|January 30th, 2016|
We're often really unsure how our abilities and ideas stand compared to others. We have a biased perspective, seeing things from the inside, and we have limited exposure to others. We're used to thinking of "gatekeepers" as people who stand in your way, keeping you from reaching you goals, but they can also serve a valuable role in letting you know how good your chances are and keeping you from wasting your time.
Let's say you want to do a PhD in math. You love the subject, you'd like to make a career out of it, and you apply to grad schools. If a school wants you, though, not only will they admit you but they'll arrange some combination of teaching and/or stipend. If they admit you but want you to pay tuition, that means they don't really expect you to do well there. So a common rule for math and similar PhDs is that you shouldn't do one unless they're offering you full funding.

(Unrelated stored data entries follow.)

(* Label sequence from the root to leaf i (left edge = 0 = false,
   right edge = 1 = true), or None if i is not a leaf of t. *)
Fixpoint code_in (t : tree m) (i : 'I_m) : option (seq bool) :=
  match t with
  | Leaf j => if j == i then Some [::] else None
  | Node l r =>
      match code_in l i with
      | Some s => Some (false :: s)
      | None => omap (cons true) (code_in r i)
      end
  end.

Definition tree_code (t : tree m) (i : 'I_m) : seq bool := odflt [::] (code_in t i).

Definition prefix_code (c : 'I_m -> seq bool) : Prop :=
  forall i j : 'I_m, i != j -> ~~ prefix (c i) (c j).

Definition La (a : R) (w : 'I_m -> R) (n : 'I_m -> nat) : R :=
  if a == 1 then \sum_i w i * (n i)%:R
  else ln (\sum_i w i * a ^+ n i) / ln a.

(* State of the two-queue method: (first queue, second queue), heads first. *)
Definition state := (seq (tree m) * seq (tree m))%type.

Definition pop_head (s s' : state) (x : tree m) : Prop :=
  (s.1 = x :: s'.1 /\ s.2 = s'.2) \/ (s.1 = s'.1 /\ s.2 = x :: s'.2).

Definition min_node (a : R) (w : 'I_m -> R) (s : state) (x : tree m) : Prop :=
  forall y, List.In y (s.1 ++ s.2) -> twt a w x <= twt a w y.

Definition tq_step (a : R) (w : 'I_m -> R) (s s'' : state) : Prop :=
  exists (x y : tree m) (s1 s2 : state),
    [/\ pop_head s s1 x, min_node a w s x,
        pop_head s1 s2 y, min_node a w s1 y &
        s'' = (s2.1, rcons s2.2 (Node x y))].

Inductive tq_run (a : R) (w : 'I_m -> R) : state -> state -> Prop :=
| tq_refl s : tq_run a w s s
| tq_next s s' s'' : tq_step a w s s' -> tq_run a w s' s'' -> tq_run a w s s''.

(* Initial state: queue 1 = all items, head to tail by nondecreasing weight
   (the ordering s among ties is arbitrary), queue 2 empty. *)
Definition tq_init (s : seq 'I_m) : state := (map (@Leaf m) s, [::]).

Definition tq_result (a : R) (w : 'I_m -> R) (s : seq 'I_m) (t : tree m) : Prop :=
  exists fin : state, tq_run a w (tq_init s) fin /\ fin.1 ++ fin.2 = [:: t].

End Defs.
(* Let $\mathcal{S}$ be a finite set of states, for each $s\in\mathcal{S}$ let $\mathcal{A}(s)$ be a finite nonempty set of actions, and let $\mathcal{P}:=\{(s,a): s\in\mathcal{S}, a\in\mathcal{A}(s)\}$ be the (finite) set of state-action pairs. Let $\mu,\mu'\in(\mathbb{R}_{>0})^{\mathcal{P}}$ be two fully supported measures on $\mathcal{P}$ and let $\pi(\mu),\pi(\mu')$ be their induced policies. If $\|\mu'-\mu\|_\infty\le \epsilon\,\min(\mu)$ for some $\epsilon<(2|\mathcal{P}|)^{-1}$, then $$\|\pi(\mu')-\pi(\mu)\|_\infty:=\max_{(s,a)\in\mathcal{P}}\bigl|\pi(\mu')(a|s)-\pi(\mu)(a|s)\bigr|\le 4\epsilon.$$
   Context: For a fully supported measure $\mu$ on $\mathcal{P}$, write $\mu(s):=\sum_{a\in\mathcal{A}(s)}\mu(s,a)$; the policy induced by $\mu$ is the randomized policy $\pi(\mu)(a|s):=\mu(s,a)/\mu(s)$ for $(s,a)\in\mathcal{P}$. Here $\min(\mu):=\min_{z\in\mathcal{P}}\mu(z)$, $\|\mu'-\mu\|_\infty:=\max_{z\in\mathcal{P}}|\mu'(z)-\mu(z)|$, and $|\mathcal{P}|$ is the number of state-action pairs. *)

From HB Require Import structures.
From mathcomp Require Import all_boot all_order all_algebra.
Set Implicit Arguments. Unset Strict Implicit. Unset Printing Implicit Defensive.
Import Order.TTheory GRing.Theory Num.Theory.
Local Open Scope ring_scope.

Definition pairs (S : finType) (A : S -> finType) : finType := {s : S & A s}.

Section Defs.
Variables (R : realFieldType) (S : finType) (A : S -> finType).

Definition state_mass (mu : pairs A -> R) (s : S) : R :=
  \sum_(a : A s) mu (Tagged A a).

Definition induced_policy (mu : pairs A -> R) (z : pairs A) : R :=
  mu z / state_mass mu (tag z).

Definition supnorm (f : pairs A -> R) : R := \big[Num.max/0]_(z : pairs A) `|f z|.

(* min(mu) over P (P nonempty in the theorem; 0 by convention if empty) *)
Definition minmeas (mu : pairs A -> R) : R :=
  match [pick z : pairs A] with
  | Some z0 => \big[Num.min/mu z0]_(z : pairs A) mu z
  | None => 0
  end.
End Defs.

From mathcomp Require Import all_boot all_order all_algebra.
From mathcomp Require Import ring lra.
Set Implicit Arguments. Unset Strict Implicit.
Import Order.TTheory GRing.Theory Num.Theory.
Local Open Scope ring_scope.

(* Since eps min(mu) <= eps mu(s,a), the hypothesis says that every mu'(s,a)
   is within relative error eps of mu(s,a); summing over a, the same holds for
   the state masses mu'(s) and mu(s).  A ratio whose numerator and denominator
   are both perturbed by a relative error eps <= 1/2 moves by at most 4 eps, as
   the denominator stays above half its value. *)

Lemma ler_dist_ratio (R : realFieldType) (a a' M M' e : R) :
  0 <= a -> a <= M -> 0 < M -> 0 <= e -> e <= 2^-1 ->
  `|a' - a| <= e * a -> `|M' - M| <= e * M -> `|a' / M' - a / M| <= 4 * e.
Proof.
move=> a_ge0 aM M_gt0 e_ge0 e_le da dM.
have M'_ge : M <= 2 * M' by move/ler_normlP: dM => [dM _]; nra.
have MM'_gt0 : 0 < M * M' by apply: mulr_gt0; lra.
have -> : a' / M' - a / M = ((a' - a) * M + a * (M - M')) / (M * M').
  by field; rewrite !gt_eqF //; lra.
rewrite normrM normfV (gtr0_norm MM'_gt0) ler_pdivrMr //.
apply: (le_trans (ler_normD _ _)).
rewrite !normrM (gtr0_norm M_gt0) (ger0_norm a_ge0) (distrC M).
apply: (@le_trans _ _ (e * a * M + a * (e * M))).
  by apply: lerD; [apply: ler_wpM2r; lra | apply: ler_wpM2l].
have : 0 <= e * M * (2 * M' - a) by rewrite !mulr_ge0 //; lra.
lra.
Qed.

Section Measures.
Variables (R : realFieldType) (S : finType) (A : S -> finType).
Implicit Types (mu : pairs A -> R) (f : pairs A -> R).

Lemma normr_le_supnorm f z : `|f z| <= supnorm f.
Proof. exact: (le_bigmax 0 (fun z => `|f z|)). Qed.

Lemma supnorm_le f c : 0 <= c -> (forall z, `|f z| <= c) -> supnorm f <= c.
Proof. by move=> c_ge0 fc; apply/bigmax_leP; split=> // z _; apply: fc. Qed.

Lemma minmeas_le mu z : minmeas mu <= mu z.
Proof. by rewrite /minmeas; case: pickP => [z0 _|/(_ z)//]; apply: bigmin_le. Qed.

Lemma minmeas_gt0 mu (z0 : pairs A) : (forall z, 0 < mu z) -> 0 < minmeas mu.
Proof.
move=> mu_gt0; rewrite /minmeas; case: pickP => [z1 _|/(_ z0)//].
by apply: (big_ind (fun x => 0 < x)) => // x y; rewrite lt_min => -> ->.
Qed.

Lemma le_state_mass mu s (a : A s) :
  (forall z, 0 <= mu z) -> mu (Tagged A a) <= state_mass mu s.
Proof.
move=> mu_ge0; rewrite /state_mass (bigD1 a) //= lerDl.
by apply: sumr_ge0 => b _; apply: mu_ge0.
Qed.

Lemma dist_state_mass mu mu' e s :
  (forall z, `|mu' z - mu z| <= e * mu z) ->
  `|state_mass mu' s - state_mass mu s| <= e * state_mass mu s.
Proof.
move=> close; rewrite /state_mass -sumrB mulr_sumr.
by apply: (le_trans (ler_norm_sum _ _ _)); apply: ler_sum => a _; apply: close.
Qed.

End Measures.

Theorem mainTheorem1 (R : realFieldType) (S : finType) (A : S -> finType)
  (S_nonempty : (0 < #|S|)%N) (A_nonempty : forall s : S, (0 < #|A s|)%N)
  (mu mu' : pairs A -> R)
  (mu_pos : forall z, 0 < mu z) (mu'_pos : forall z, 0 < mu' z)
  (eps : R) (heps : eps < (2 * #|pairs A|%:R)^-1)
  (hclose : supnorm (fun z => mu' z - mu z) <= eps * minmeas mu) :
  supnorm (fun z => induced_policy mu' z - induced_policy mu z) <= 4 * eps.
Proof.
have [s0 _] := card_gt0P S_nonempty.
have [a0 _] := card_gt0P (A_nonempty s0).
pose z0 : pairs A := Tagged A a0.
have close_min z : `|mu' z - mu z| <= eps * minmeas mu.
  exact: le_trans (normr_le_supnorm (fun z => mu' z - mu z) z) hclose.
have eps_ge0 : 0 <= eps.
  by rewrite -(pmulr_lge0 _ (minmeas_gt0 z0 mu_pos)) (le_trans _ (close_min z0)).
have P_gt0 : (0 < #|pairs A|)%N by apply/card_gt0P; exists z0.
have eps_le_half : eps <= 2^-1.
  apply/ltW/(lt_le_trans heps).
  by rewrite lef_pV2 ?posrE ?mulr_gt0 ?ltr0n // ler_peMr // ler1n.
have close z : `|mu' z - mu z| <= eps * mu z.
  exact: le_trans (close_min z) (ler_wpM2l eps_ge0 (minmeas_le mu z)).
have mu_ge0 z : 0 <= mu z by apply: ltW.
apply: supnorm_le => [|[s a]]; first by rewrite mulr_ge0.
have mass_ge : mu (Tagged A a) <= state_mass mu s := le_state_mass a mu_ge0.
apply: ler_dist_ratio => //.
- exact: lt_le_trans (mu_pos _) mass_ge.
- exact: dist_state_mass.
Qed.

Or let's say you slip on the ice in a grocery store parking lot, and want to sue. This kind of personal injury case is typically arranged with a contingent fee, where your lawyer only gets money if you win. If, after talking to various lawyers, they're only willing to take the case as self-pay, that's telling you that they don't think your case is very likely to win, and you should probably drop it.
- After shopping your proposal around with an agent, do you get offered a book deal?
- Can you get venture capital to fund your startup?
- Can you get into a top-twelve philosophy PhD program?
You do need to keep in mind what is customary in different fields, though. If you're writing a kind of book where no one gets advances, then you can't take failure to get an advance as meaning much about you, though it does tell you things about the market for this kind of book. If you have an idea for a company that might need two employees and make $1M/year you won't get venture capital funding because they look for companies that will grow much larger than that, so failure to raise funds from them isn't a negative signal. 
(It's also possible for professional evaluators to get things wrong, and maybe you know something they don't. I would expect this most in situations where the evaluators' incentives and yours are not well aligned, where evaluators don't have the information to see how their decisions pan out, and where the market is too small for evaluators to have much practice.)
 Well, it would be a negative signal if you tried to raise money from them without realizing that this wasn't the sort of thing they're interested in funding. Though not a very strong signal, since "understands how VC works" is nearly entirely unrelated to what would make your small business successful or not.